La vida discurre entre cierta posibilidad de apropiarnos de nosotros mismos y la presión social por
conformarnos en el sujeto que se pretende que uno sea. Aquello que Foucault describió magistralmente
como el sujeto sujetado, o sea aquel que se cree autónomo y que por ello no puede vislumbrar que esas
leyes que cree haber creado son siempre creaciones previas. Aquel cuyo interés individual es
conformado por intereses de otros. Si el sujeto está sujeto, el problema es doble, ya que no solo se
trataría de la sujeción, sino además de la cuestión de la normalización: no hay tal vez demarcación más
funcional para todo orden que la vara que delimita lo normal de lo anormal. ¿Alguien le sugeriría a un
hijo que en pos de su futuro se convierta en alguien anormal? ¿Hay elecciones vocacionales que nos
arrojarían al mundo de la anormalidad? ¿Hay carreras normales y anormales? ¿O la anomalía se
produciría en el caso extraño de elegir no optar por ninguna elección, cuando el mandato social exige la
necesidad de decidirse entre un sinfín de posibilidades que el mercado institucional de carreras ofrece?
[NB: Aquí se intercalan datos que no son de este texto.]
(* Fix the parameters $S_1,\dots,S_{\mathcal K}$, $\lambda_1,\dots,\lambda_{\mathcal K}$ of the storage model in the context. Suppose that there exists a routing policy $P$ such that the shape process $\tilde X(t)$ with routing policy $P$ is recurrent. Then the linear system \[ \sum_{j=1}^{\kappa_i}\alpha_{ij}=\lambda_i\ (i=1,\dots,\mathcal K),\qquad \sum_{i=1}^{\mathcal K}\sum_{j=1}^{\kappa_i}\alpha_{ij}\,\delta_{\ell,s^i_j}=\tfrac1n\ (\ell=1,\dots,n) \] has a non-negative solution $(\alpha_{ij})$ (and hence there exists a routing policy, not depending on $x$, under which arrivals at all nodes are independent Poisson processes of common rate $1/n$).
   Context: Storage model: there are $n$ nodes $\{1,\dots,n\}$ and $\mathcal K\ge1$ non-empty neighborhoods $S_1,\dots,S_{\mathcal K}\subset\{1,\dots,n\}$ with $\bigcup_i S_i=\{1,\dots,n\}$; $\kappa_i=|S_i|$ and $S_i=\{s^i_1,\dots,s^i_{\kappa_i}\}$. Items arrive at $S_i$ as independent Poisson processes with rates $\lambda_i>0$, $\sum_{i=1}^{\mathcal K}\lambda_i=1$. Let $\Lambda_i=\{p\in\mathbb R^{\kappa_i}:p_j\ge0,\sum_j p_j=1\}$. A routing policy is a map $P:\mathbb N^n\to\Lambda_1\times\dots\times\Lambda_{\mathcal K}$ with $P(x+c\mathbf 1)=P(x)$ for all integers $c$; an item arriving at $S_i$ when the configuration is $x$ is stored at node $s^i_j$ with probability $p^{(i)}_j(x)$, independently for each arrival (the policy need not be local). $X(t)$ is the vector of node loads at time $t$, $M(t)=\frac1n\sum_iX_i(t)$, the shape is $\tilde X(t)=X(t)-M(t)\mathbf 1$, and $\tilde X^e(m)$ is the shape observed at successive arrival moments. With $\tau=\inf\{m>0:\tilde X^e(m)=0\}$, the process is called recurrent if $\mathbf P(\tau<\infty\mid\tilde X^e(0)=x)=1$ for every $x$. $\delta_{\ell,m}$ is the Kronecker delta. *)

From HB Require Import structures.
From mathcomp Require Import all_boot all_order all_algebra.
From mathcomp Require Import reals.
Set Implicit Arguments. Unset Strict Implicit. Unset Printing Implicit Defensive.
Import Order.TTheory GRing.Theory Num.Theory.
Local Open Scope ring_scope.
Lemma det_midpoint_lt (X1 X2 : 'M[R]_n) : X1^T = X1 -> X2^T = X2 ->
  (forall u, u != 0 -> 0 < qform X1 u) -> (forall u, u != 0 -> 0 < qform X2 u) ->
  X1 != X2 -> \det X1 * \det X2 < \det (2^-1 *: (X1 + X2)) ^+ 2.
Proof.
move=> sX1 sX2 pdX1 pdX2 X12.
have [W [m [Wu WX1 WX2]]] := simultaneous_diag sX1 sX2 pdX1.
have m0 i : 0 < m 0 i.
  rewrite -qform_diag_delta -WX2 qform_mulmx pdX2 //.
  have : ('e_i : 'rV[R]_n) *m W *m invmx W != 0.
    by rewrite (mulmxK Wu) -sqnorm_eq0 sqnorm_delta oner_eq0.
  by apply: contraNneq => ->; rewrite mul0mx.
have WXK X : invmx W *m (W *m X *m W^T) *m invmx W^T = X.
  by rewrite !mulmxA mulVmx // mul1mx -mulmxA mulmxV ?unitmx_tr // mulmx1.
have [j mj] : exists j, m 0 j != 1.
  have [j mj|m1] := pickP (fun j => m 0 j != 1); first by exists j.
  move: X12; rewrite -[X1]WXK -[X2]WXK WX1 WX2 (_ : diag_mx m = 1%:M) ?eqxx //.
  by apply/matrixP => i k; rewrite !mxE (eqP (negbFE (m1 i))).
have WXm : W *m (2^-1 *: (X1 + X2)) *m W^T = diag_mx (\row_i (2^-1 * (1 + m 0 i))).
  rewrite -scalemxAr -scalemxAl mulmxDr mulmxDl WX1 WX2.
  by apply/matrixP => i k; rewrite !mxE; case: (i == k); rewrite /= ?addr0 ?add0r ?mulr0.
set w := \det W ^+ 2.
have w0 : 0 < w by rewrite exprn_even_gt0 // -unitfE -unitmxE.
have e1 : w * \det X1 = 1 by rewrite -det_congruence WX1 det1.
rewrite -(ltr_pM2l (exprn_gt0 2 w0)) -exprMn expr2 mulrACA e1 mul1r.
rewrite -!det_congruence WX2 WXm !det_diag.
under [X in _ < X ^+ 2]eq_bigr do rewrite mxE.
exact: (@prod_lt_sqr_midpoint _ _ (fun i => m 0 i) j m0 mj).
Qed.

End DetMidpoint.

Lemma ln_prod (R : realType) (I : finType) (F : I -> R) : (forall i, 0 < F i) ->
  ln (\prod_i F i) = \sum_i ln (F i).
Proof.
move=> F0; suff [] : 0 < \prod_i F i /\ ln (\prod_i F i) = \sum_i ln (F i) by [].
elim/big_rec2: _ => [|i x y _ [x0 <-]]; first by rewrite ln1.
by rewrite mulr_gt0 // lnM // posrE.
Qed.

Lemma mul_ln_le (R : realType) (k c x : R) : 0 < k -> 0 < c -> 0 < x ->
  k * ln x <= c / 2 * x + k * ln (2 * k / c).
Proof.
move=> k0 c0 x0; set y := c / (2 * k) * x.
have q0 : 0 < 2 * k / c by rewrite divr_gt0 // mulr_gt0.
have y0 : 0 < y by rewrite mulr_gt0 // divr_gt0 // mulr_gt0.
have ln_y : ln y <= y - 1.
  by have := @le_ln1Dx R (y - 1); rewrite addrCA subrr addr0; apply; lra.
have -> : x = y * (2 * k / c) by rewrite /y; field; rewrite ?gt_eqF.
rewrite lnM ?posrE // mulrDr lerD2r.
have -> : c / 2 * (y * (2 * k / c)) = k * y by field; rewrite gt_eqF.
by rewrite ler_pM2l //; lra.
Qed.

Section SpectralBounds.
Variables (R : realType) (n : nat).

Lemma trace_mul_ge (C X : 'M[R]_n) c : X^T = X -> (forall u, 0 <= qform X u) ->
  (forall u, c * sqnorm u <= qform C u) -> c * \tr X <= \tr (C *m X).
Proof.
move=> sX psdX Cc.
have [Q [d [Qo -> d0]]] : exists Q (d : 'rV[R]_n),
    [/\ Q *m Q^T = 1%:M, X = Q^T *m diag_mx d *m Q & forall i, 0 <= d 0 i].
  by apply: symmx_spectral_ge => // u; rewrite mul0r.
rewrite trace_mul_spectral // trace_spectral // mulr_sumr; apply: ler_sum => i _.
by rewrite mulrC ler_wpM2l // -[c]mulr1 -(sqnorm_row_orthomx Qo i).
Qed.

Lemma ln_det_le_trace (X : 'M[R]_n) k c : 0 < k -> 0 < c -> X^T = X ->
  (forall u, u != 0 -> 0 < qform X u) ->
  k * ln (\det X) <= c / 2 * \tr X + n%:R * (k * ln (2 * k / c)).
Proof.
move=> k0 c0 sX pdX; have [e e0 Xe] := pd_qform_ge pdX.
have [Q [d [Qo -> de]]] := symmx_spectral_ge sX Xe.
have d0 i : 0 < d 0 i by apply: lt_le_trans (de i).
rewrite det_spectral // trace_spectral // ln_prod // !mulr_sumr.
set K := k * ln (2 * k / c).
have -> : n%:R * K = \sum_(i < n) K by rewrite sumr_const card_ord mulr_natl.
rewrite -big_split /=.
by apply: ler_sum => i _; exact: mul_ln_le.
Qed.

End SpectralBounds.

Section ClosedSets.
Variables (R : realType) (T : topologicalType).
Local Open Scope classical_set_scope.

Lemma closed_ge0_fun (f : T -> R) : continuous f -> closed [set x | 0 <= f x].
Proof.
have -> : [set x | 0 <= f x] = f @^-1` [set x | 0 <= x] by [].
by move/continuous_closedP; apply; exact: closed_ge.
Qed.

Lemma closed_le_fun (f : T -> R) c : continuous f -> closed [set x | f x <= c].
Proof.
have -> : [set x | f x <= c] = f @^-1` [set x | x <= c] by [].
by move/continuous_closedP; apply; exact: closed_le.
Qed.

Lemma closed_eq_fun (f g : T -> R) : continuous f -> continuous g ->
  closed [set x | f x = g x].
Proof.
move=> cf cg; rewrite (_ : [set x | _] = (fun x => f x - g x) @^-1` [set 0]).
  by apply: (continuous_closedP _).1; [exact: continuous_sub | exact: closed_eq].
apply/seteqP; split => x /=; first by move=> ->; rewrite subrr.
by move/eqP; rewrite subr_eq0 => /eqP.
Qed.

Lemma closed_forall (I : Type) (A : I -> set T) :
  (forall i, closed (A i)) -> closed [set x | forall i, A i x].
Proof.
move=> cA; rewrite (_ : [set x | _] = \bigcap_(i in setT) A i).
  by apply: closed_bigI => i _; exact: cA.
by apply/seteqP; split => x /= Ax i //; exact: Ax.
Qed.

Lemma closed_implies (P : Prop) (A : set T) : closed A -> closed [set x | P -> A x].
Proof.
move=> cA; have [HP|nP] := pselect P.
  by rewrite (_ : [set x | _] = A) //; apply/seteqP; split => x /=; [apply | move=> ? _].
by rewrite (_ : [set x | _] = setT) ?closedT //; apply/seteqP; split => x // _ /nP.
Qed.

End ClosedSets.

Section EntrywiseContinuous.
Variables (R : realType) (T : topologicalType) (n : nat) (F : T -> 'M[R]_n).
Hypothesis cF : forall i j, continuous (fun t => F t i j).
Local Open Scope classical_set_scope.

Lemma continuous_det : continuous (fun t => \det (F t)).
Proof.
apply: continuous_sum => sigma; apply: continuous_mul; first exact: cst_continuous.
by apply: continuous_prod => i; exact: cF.
Qed.

Lemma closed_symmx : closed [set t | symmx (F t)].
Proof.
rewrite (_ : [set t | _] = [set t | forall i j, F t j i = F t i j]).
  by do 2!apply: closed_forall => ?; exact: closed_eq_fun.
apply/seteqP; split => t /= => [sF i j | sF]; first by rewrite -[in LHS]sF mxE.
by apply/matrixP => i j; rewrite mxE sF.
Qed.

Lemma closed_psdmx : closed [set t | psdmx (F t)].
Proof.
apply: closedI; first exact: closed_symmx.
apply: closed_forall => v; apply: closed_ge0_fun.
rewrite (_ : (fun t => _) = fun t => \sum_i \sum_j v^T 0 i * F t i j * v^T 0 j).
  apply: continuous_sum => i; apply: continuous_sum => j.
  apply: continuous_mul; last exact: cst_continuous.
  by apply: continuous_mul; [exact: cst_continuous | exact: cF].
by apply: funext => t; rewrite qform_trmx /qform bformE.
Qed.

Lemma closed_setN (U : eqType) (s : 'I_n -> U) (Nb : 'I_n -> {set 'I_n}) :
  closed [set t | setN s Nb (F t)].
Proof.
rewrite (_ : [set t | _] = [set t | forall i j, s i = s j -> F t i i = F t j j] `&`
  ([set t | forall i j k l, j \in Nb i -> l \in Nb k -> s i = s k -> s j = s l ->
     F t i j = F t k l] `&`
   [set t | forall i j, i != j -> j \notin Nb i -> F t i j = 0])).
  apply: closedI; last apply: closedI.
  - by do 2!apply: closed_forall => ?; apply: closed_implies; exact: closed_eq_fun.
  - do 4!apply: closed_forall => ?; do 4!apply: closed_implies.
    exact: closed_eq_fun.
  - do 2!apply: closed_forall => ?; do 2!apply: closed_implies.
    by apply: closed_eq_fun => //; exact: cst_continuous.
by apply/seteqP; split => t /=; [case | case=> ? []].
Qed.

End EntrywiseContinuous.

Lemma closed_setM (R : realType) (T : topologicalType) n (F : T -> 'M[R]_n) eps :
  (forall i j, continuous (fun t => F t i j)) -> closed [set t | setM eps (F t)].
Proof.
move=> cF; apply: closedI; first exact: closed_symmx.
apply: (@closed_psdmx _ _ _ (fun t => F t - eps%:M)) => i j.
rewrite (_ : (fun t => _) = fun t => F t i j - (eps%:M : 'M[R]_n) i j).
  by apply: continuous_sub; [exact: cF | exact: cst_continuous].
by apply: funext => t; rewrite !mxE.
Qed.

Section Frobenius.
Variable R : realType.

Lemma frob_sqrE m (A : 'M[R]_m) : frob A ^+ 2 = \sum_i \sum_j A i j ^+ 2.
Proof.
by rewrite /frob sqr_sqrtr // sumr_ge0 // => i _; rewrite sumr_ge0 // => j _; rewrite sqr_ge0.
Qed.

Lemma frob_sqr_mxvec m (A : 'M[R]_m) : frob A ^+ 2 = sqnorm (mxvec A).
Proof.
rewrite frob_sqrE sqnormE (reindex _ (curry_mxvec_bij _ _)) /= pair_big /=.
by apply: eq_bigr => -[i j] _; rewrite mxvecE.
Qed.

Lemma sqr_entry_le_frob m (A : 'M[R]_m) i j : A i j ^+ 2 <= frob A ^+ 2.
Proof. by rewrite frob_sqr_mxvec -mxvecE sqr_coord_le_sqnorm. Qed.

Lemma sqnorm_midpoint m (u v : 'rV[R]_m) :
  sqnorm (2^-1 *: (u + v)) = 2^-1 * (sqnorm u + sqnorm v) - 4^-1 * sqnorm (u - v).
Proof.
rewrite -!qform1 qformZ !qformD ?tr_scalar_mx // qformN bformNr.
by field.
Qed.
(* Let $\mathcal G$ be a shortest-path game in which $\mathrm{Val}^{\mathrm d}(v)\neq+\infty$ and $\overline{\mathrm{Val}}^{\mathrm m}(v)\neq+\infty$ for all vertices $v$. Let $\sigma_1$ be a fake-optimal NC-strategy of Min, $\sigma_2$ an attractor strategy of Min, $p\in(0,1)$, $\rho_p$ the memoryless strategy defined below, and $v_0\in V$. Then for every memoryless strategy $\tau$ of Max, $\mathbb P^{\rho_p,\tau}_{v_0}(\Diamond T)=1$, i.e. the target set is reached with probability 1.
   Context: A shortest-path game is $\mathcal G=(V_{\mathrm{Max}},V_{\mathrm{Min}},T,E,w)$ with finite $V=V_{\mathrm{Max}}\uplus V_{\mathrm{Min}}\uplus T$, edges $E\subseteq (V\setminus T)\times V$ with every non-target vertex having a successor, and integer weights $w\colon E\to\mathbb Z$. Plays from $v$ are finite paths ending at their first visit to $T$ (total payoff $\mathrm{TP}$ = sum of weights) or infinite paths avoiding $T$ ($\mathrm{TP}=+\infty$). Strategies of Min (resp. Max) map finite paths ending in $V_{\mathrm{Min}}$ (resp. $V_{\mathrm{Max}}$) to distributions on successors of the last vertex; deterministic = always Dirac, memoryless = depends only on the last vertex. For deterministic $\sigma,\tau$, $\mathrm{Val}^\sigma(v)=\sup_\tau \mathrm{TP}$ of the unique conforming play, and $\mathrm{Val}^{\mathrm d}(v)=\inf_\sigma\mathrm{Val}^\sigma(v)$. For memoryless $\rho$ (Min) and $\tau$ (Max), $\mathbb P^{\rho,\tau}_v$ and $\mathbb E^{\rho,\tau}_v$ refer to the induced Markov chain from $v$; $\overline{\mathrm{Val}}^{\mathrm m}(v)=\inf_\rho\sup_\tau\mathbb E^{\rho,\tau}_v(\mathrm{TP})$ over memoryless strategies. A path conforms to a memoryless deterministic Min strategy $\sigma_1$ if each Min vertex $u$ on it (except possibly the last) is followed by $\sigma_1(u)$. An NC-strategy is a memoryless deterministic Min strategy all of whose conforming cycles have negative total weight; it is fake-optimal if for all $v$, every finite play from $v$ ending in $T$ conforming to it has total payoff at most $\mathrm{Val}^{\mathrm d}(v)$. An attractor strategy is a memoryless deterministic Min strategy guaranteeing that every conforming play reaches $T$. The strategy $\rho_p$: for $v\in V_{\mathrm{Min}}$, if the strongly connected component of $v$ in $(V,E)$ contains no negative-weight cycle, $\rho_p(v)$ is the Dirac distribution on $\sigma_1(v)$; otherwise, if $\sigma_1(v)\ne\sigma_2(v)$, $\rho_p(v)$ chooses $\sigma_1(v)$ with probability $p$ and $\sigma_2(v)$ with probability $1-p$, and if $\sigma_1(v)=\sigma_2(v)$ it chooses it with probability 1. *)

From HB Require Import structures.
From mathcomp Require Import all_boot all_order all_algebra.
From mathcomp Require Import boolp classical_sets functions reals ereal esum.
Set Implicit Arguments.
Unset Strict Implicit.
Unset Printing Implicit Defensive.
Import Order.TTheory GRing.Theory Num.Theory.
Local Open Scope classical_set_scope.
Local Open Scope ring_scope.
Primera anomalía: no se puede no estudiar. Claro que “estudiar” se piensa aquí como el ingreso en
cualquiera de los dispositivos de educación superior, excluyéndose de este modo toda otra implicación
del verbo que no se asocie a la obtención final de un título formal. ¿Pero se agota todo estudio en las
opciones que brindan las instituciones? No es fácil definir qué significa estudiar. ¿Tiene que ver con la
existencial, contingente y humana búsqueda de sentido, o tiene que ver más bien con encajar en
algunos de los roles con los que el orden concibe el desarrollo laboral de cualquier ciudadano para que
una sociedad funcione? Agamben asocia etimológicamente el estudio a un golpe que nos deja
estupefactos y nos saca de nosotros mismos en un ejercicio sin fin, y por ello el estudio es interminable.
Tal vez se trate del mismo esquema problemático que pone en tensión al amor con el matrimonio, o a la
justicia con el derecho, o a la pregunta por si hay algo más con las religiones institucionales. Podríamos
incluso ampliarla a una ya tradicional disputa entre la vocación y la profesión: ¿las instituciones
representan o encorsetan? Primera sugerencia a un hijo: la tensión no se resuelve sino que se viven sus
oscilaciones. No se puede no estudiar, pero el deseo de sentido excede las opciones que se nos
presentan.

Segunda anomalía: no hay mucha opción al error en la elección. Como se instala la idea de que en la
elección vocacional entra en juego la identidad, entonces se supone que un joven al término de la
secundaria está definiendo su futuro. La presión social explota en ese tramo de la vida: alguien que no
sabe qué estudiar es rápidamente derivado al régimen de tratamientos vocacionales que estarían
denotando una potencial crisis de identidad. Como si la identidad no fuese en sí misma un estado de
crisis permanente. Hay una -como mínimo- cuestionable identificación entre la elección de una carrera y
una concepción de la identidad asociada al ser como algo definitivo: lo que estudio define lo que soy. O
sea, soy lo que estudio. De allí, una nueva sugerencia a un hijo: se es muchas cosas. O como pensaba
Nietzsche, el yo es un campo de batalla entre diferentes fragmentos en conflicto. Lo único importante es
que ninguna de las tantas perspectivas se imponga como única.

Tercera anomalía: no se pueden disociar tanto la vocación y la profesión. Es que si así fuera, deberíamos
aceptarnos en la más traumática esquizofrenia cultural: no se puede tener tan claro que uno no se
dedica a lo que se supone que uno quiere. Pero una vez más; uno puede hacer muchas cosas al mismo
tiempo: el tema es cómo. La mirada más conservadora busca sostener que las profesiones existentes
expresan la totalidad de vocaciones. La mirada más revolucionaria sigue convencida de que el día
después de la revolución toda vocación encontrará su cauce profesional. Pero en el medio tenemos que
sugerirle una carrera a un hijo: hacé lo que quieras, lo único anormal es hacer algo en lo que no se cree.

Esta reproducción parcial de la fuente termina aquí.